Lenin once wrote, “The Court is an instrument of power.  Liberals may forget this but it is a sin for a Marxist to do so.”  He was right about liberals.  The ICC continues to bathe in an aura of progressivism (embodied by the personal vanity of its celebrity but incompetent prosecutor, the former TV show host and “crusading magistrate” Luis Moreno Ocampo), even though its behavior stinks of the rankest cynicism.  Gbagbo’s transfer to The Hague within weeks of the online murder of Colonel Qaddafi is a case in point, not only because of the prosecutor’s sinister silence about the latter (killing a disarmed and wounded combatant is a classic war crime, but he does not seem interested in prosecuting it), but because of his simultaneous decision to allow Qad­dafi’s son to be tried in his home country.  The whole world has just seen how justice is done in postrevolutionary Libya, and yet the prosecutor of the ICC thinks that Saif al-Islam Qad­dafi (who was indicted at the same time as his father) can get a fair trial there.  There is only one way to make sense of these contradictory decisions: Ocampo is acting according to political imperatives—to get Gbagbo out of Ivory Coast, where half the population still supports him, and where he could be a rallying point, but to prevent the eloquent, cocky, and Anglophone son of Libya’s former leader from appearing in court, where he would be happy to spill the beans, in English and on live TV, about how European leaders accepted bribes and contracts from his late father.  As it is, he will now rot in a Libyan jail for the rest of his life, as forgotten as the stories he would have told.

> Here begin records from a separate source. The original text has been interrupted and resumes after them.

(* Let $G$ be a finite group, let $s \in G^{\#}$ and let $H \in \mathcal{M}(G,s)$ with $b(G,G/H) = b$. Then any total dominating set for $\Gamma(G)$ consisting only of conjugates of $s$ has size at least $b$.
   Context: $G^{\#}$ is the set of non-identity elements of $G$. The generating graph $\Gamma(G)$ has vertex set $G^{\#}$, with $x,y$ adjacent iff $G=\langle x,y\rangle$. A subset $S\subseteq G^{\#}$ is a total dominating set for $\Gamma(G)$ if for every $g\in G^{\#}$ there exists $s\in S$ with $G=\langle g,s\rangle$. $\mathcal{M}(G,g)$ denotes the set of maximal subgroups of $G$ containing $g$. For a group acting faithfully on a finite set $\Omega$, a base is a subset of $\Omega$ whose pointwise stabiliser is trivial and $b(G,\Omega)$ is the minimal size of a base; here $G$ acts on the coset space $G/H$, and $b(G,G/H)\leqslant c$ iff there exist $g_1,\dots,g_c\in G$ with $\bigcap_i H^{g_i}=1$. *)

From mathcomp Require Import all_boot all_fingroup all_solvable.
Set Implicit Arguments. Unset Strict Implicit. Unset Printing Implicit Defensive.
Local Open Scope group_scope.

(* Adjacency in the generating graph Gamma(G): G = <x, y>. *)
Definition generates (gT : finGroupType) (G : {set gT}) (x y : gT) : bool :=
  <<[set x; y]>> == G.

Definition total_dominating (gT : finGroupType) (G : {set gT}) (S : {set gT}) : Prop :=
  S \subset G^# /\ forall g, g \in G^# -> exists2 s, s \in S & generates G g s.

(* A base for the action of G on the coset space G/H (right cosets Hx, with G
   acting by right multiplication 'Rs): a set B of cosets whose pointwise
   stabiliser in G is trivial. *)
Definition is_base (gT : finGroupType) (G H : {group gT}) (B : {set {set gT}}) : bool :=
  (B \subset rcosets H G) && ('C_G(B | 'Rs) == 1).

Definition base_size (gT : finGroupType) (G H : {group gT}) (b : nat) : Prop :=
  (exists2 B, is_base G H B & #|B| = b) /\
  (forall B, is_base G H B -> b <= #|B|).

(* If the cosets H g_1, ..., H g_k (with s ^ g_i ranging over S) had a common
   stabiliser x <> 1, then x would lie in every conjugate H ^ g_i, and so
   would the dominating vertex s ^ g_i adjacent to x: the pair x, s ^ g_i would
   generate a subgroup of the proper subgroup H ^ g_i, which is absurd. Hence
   these cosets form a base and b <= k <= |S|. *)
From mathcomp Require Import all_boot all_fingroup all_solvable.
Set Implicit Arguments. Unset Strict Implicit. Unset Printing Implicit Defensive.
Local Open Scope group_scope.

Lemma generates_subG (gT : finGroupType) (G K : {group gT}) (x y : gT) :
  generates G x y -> x \in K -> y \in K -> G \subset K.
Proof.
move/eqP=> <- xK yK; rewrite gen_subG; apply/subsetP=> z.
by case/set2P=> ->.
Qed.

Lemma astab1_rcoset (gT : finGroupType) (H : {group gT}) (g : gT) :
  'C[H :* g | 'Rs] = H :^ g.
Proof. by rewrite -rcosetE astab1_act astab1Rs. Qed.

Lemma class_transversal (gT : finGroupType) (G : {group gT}) (s : gT)
    (S : {set gT}) :
  S \subset s ^: G -> exists X : {set gT}, [/\ X \subset G, s ^: X = S & #|X| <= #|S|].
Proof.
move=> sSsG; pose rep t := repr [set g in G | s ^ g == t].
have repP t : t \in S -> rep t \in G /\ s ^ rep t = t.
  move=> /(subsetP sSsG) /imsetP [g Gg ->].
  have : rep (s ^ g) \in [set h in G | s ^ h == s ^ g].
    by apply: mem_repr (g) _; rewrite inE Gg eqxx.
  by rewrite inE => /andP [? /eqP].
exists (rep @: S); split; last exact: leq_imset_card.
- by apply/subsetP=> _ /imsetP [t St ->]; case: (repP t St).
- apply/setP=> t; apply/imsetP/idP=> [[_ /imsetP [u Su ->] ->] | St].
    by case: (repP u Su) => _ ->.
  exists (rep t); first exact: imset_f.
  by case: (repP t St).
Qed.

Section ConjugateDominatingBase.

Variables (gT : finGroupType) (G H : {group gT}) (s : gT).
Hypotheses (properHG : H \proper G) (Hs : s \in H).

Lemma not_generates_in_conjg (g x : gT) :
  x \in H :^ g -> ~~ generates G x (s ^ g).
Proof.
move=> xHg; apply/negP=> genG.
have /subset_leq_card : G \subset H :^ g.
  by apply: generates_subG genG xHg _; rewrite memJ_conjg.
by rewrite cardJg leqNgt proper_card.
Qed.

Lemma conj_dominating_base (X : {set gT}) :
  X \subset G ->
  (forall x, x \in G^# -> exists2 g, g \in X & generates G x (s ^ g)) ->
  is_base G H [set H :* g | g in X].
Proof.
move=> sXG dom; apply/andP; split.
  apply/subsetP=> _ /imsetP [g Xg ->].
  by rewrite -rcosetE imset_f // (subsetP sXG).
apply/eqP/trivgP/subsetP=> x /setIP [Gx fixB]; apply/set1P/eqP/negPn/negP=> ntx.
have [|g Xg genG] := dom x; first by rewrite !inE ntx.
have : x \in 'C[H :* g | 'Rs].
  by move: fixB; apply/subsetP/astabS; rewrite sub1set; apply: imset_f.
by rewrite astab1_rcoset => /not_generates_in_conjg; rewrite genG.
Qed.

End ConjugateDominatingBase.

Theorem corollary2p3 (gT : finGroupType) (G H : {group gT}) (s : gT) (b : nat) :
  s \in G^# -> maximal H G -> s \in H -> base_size G H b ->
  forall S : {set gT}, S \subset s ^: G -> total_dominating G S -> b <= #|S|.
Proof.
move=> _ maxH Hs [_ minb] S sSsG [_ domS].
have [X [sXG defS leXS]] := class_transversal sSsG.
have dom x : x \in G^# -> exists2 g, g \in X & generates G x (s ^ g).
  by case/domS=> t; rewrite -defS => /imsetP [g Xg ->]; exists g.
have baseB := conj_dominating_base (maxgroupp maxH) Hs sXG dom.
by rewrite (leq_trans (minb _ baseB)) // (leq_trans (leq_imset_card _ _)).
Qed.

The situation is therefore the same now as it was in 1999, when the International Criminal Tribunal for the former Yugoslavia (ICTY) indicted the Yugoslav president, Slobodan Milosevic, at the height of NATO’s bombing campaign against that country.  All the liberal outrage at the Iraq war, and the invocations of international law, have been forgotten now that there is a Democrat in the White House again.  This is in spite of the fact that the claims made by NATO over Kosovo have been proved baseless in the very ICTY set up to prove them.  The same pattern has been repeated in Libya, where dubious claims about human-rights violations were the pretext for violent regime change: The evidence adduced in support of the arrest warrant for Qaddafi and his son, issued in May 2011 shortly after NATO started to bomb Libya, has been censored in its entirety from the publicly available version of that indictment.  These claims, incidentally, were initially made by a Benghazi-based opposition NGO, the Libyan League for Human Rights, whose members are miraculously now ministers and officials in the new Libyan government.

The double standards are also the same.  Just as in 1999, NATO’s attack on Yugoslavia attracted not so much as a peep from the prosecutor of the International Criminal Tribunal for the former Yugoslavia—even though it was blatantly incompatible with the law against wars of aggression adjudicated at Nuremberg and Tokyo—so in 2011 the ICC prosecutor reacted with silence at the deliberate targeting of pro-Qad­dafi civilians in Sirte.  According to the Daily Telegraph (September 28, 2011), the rebels justified killing the town’s inhabitants because they had “chosen to die.”  Yet the protection of civilians was the original legal and political justification for both the ICC indictment and the NATO attack.

The ICC is a product of progressivism’s narrative about itself—that it is morally superior, that it is politically advanced, that it is needed to guarantee order in the world.  The fact that the court has become a caricature of colonialism—it is paid for and staffed by whites but prosecutes only blacks and Arabs—only underlines this by obscuring the key difference between it and colonialism—namely, that colonies were actually governed by colonials.  The ICC, by contrast, swoops in only as an avenging angel, and its only instrument of power is punishment.  Structurally disconnected, like all international institutions, from the people over whom it wields power, it never has to bear the consequences of its decisions.  It is the very embodiment of power without responsibility—and that is why liberals love it.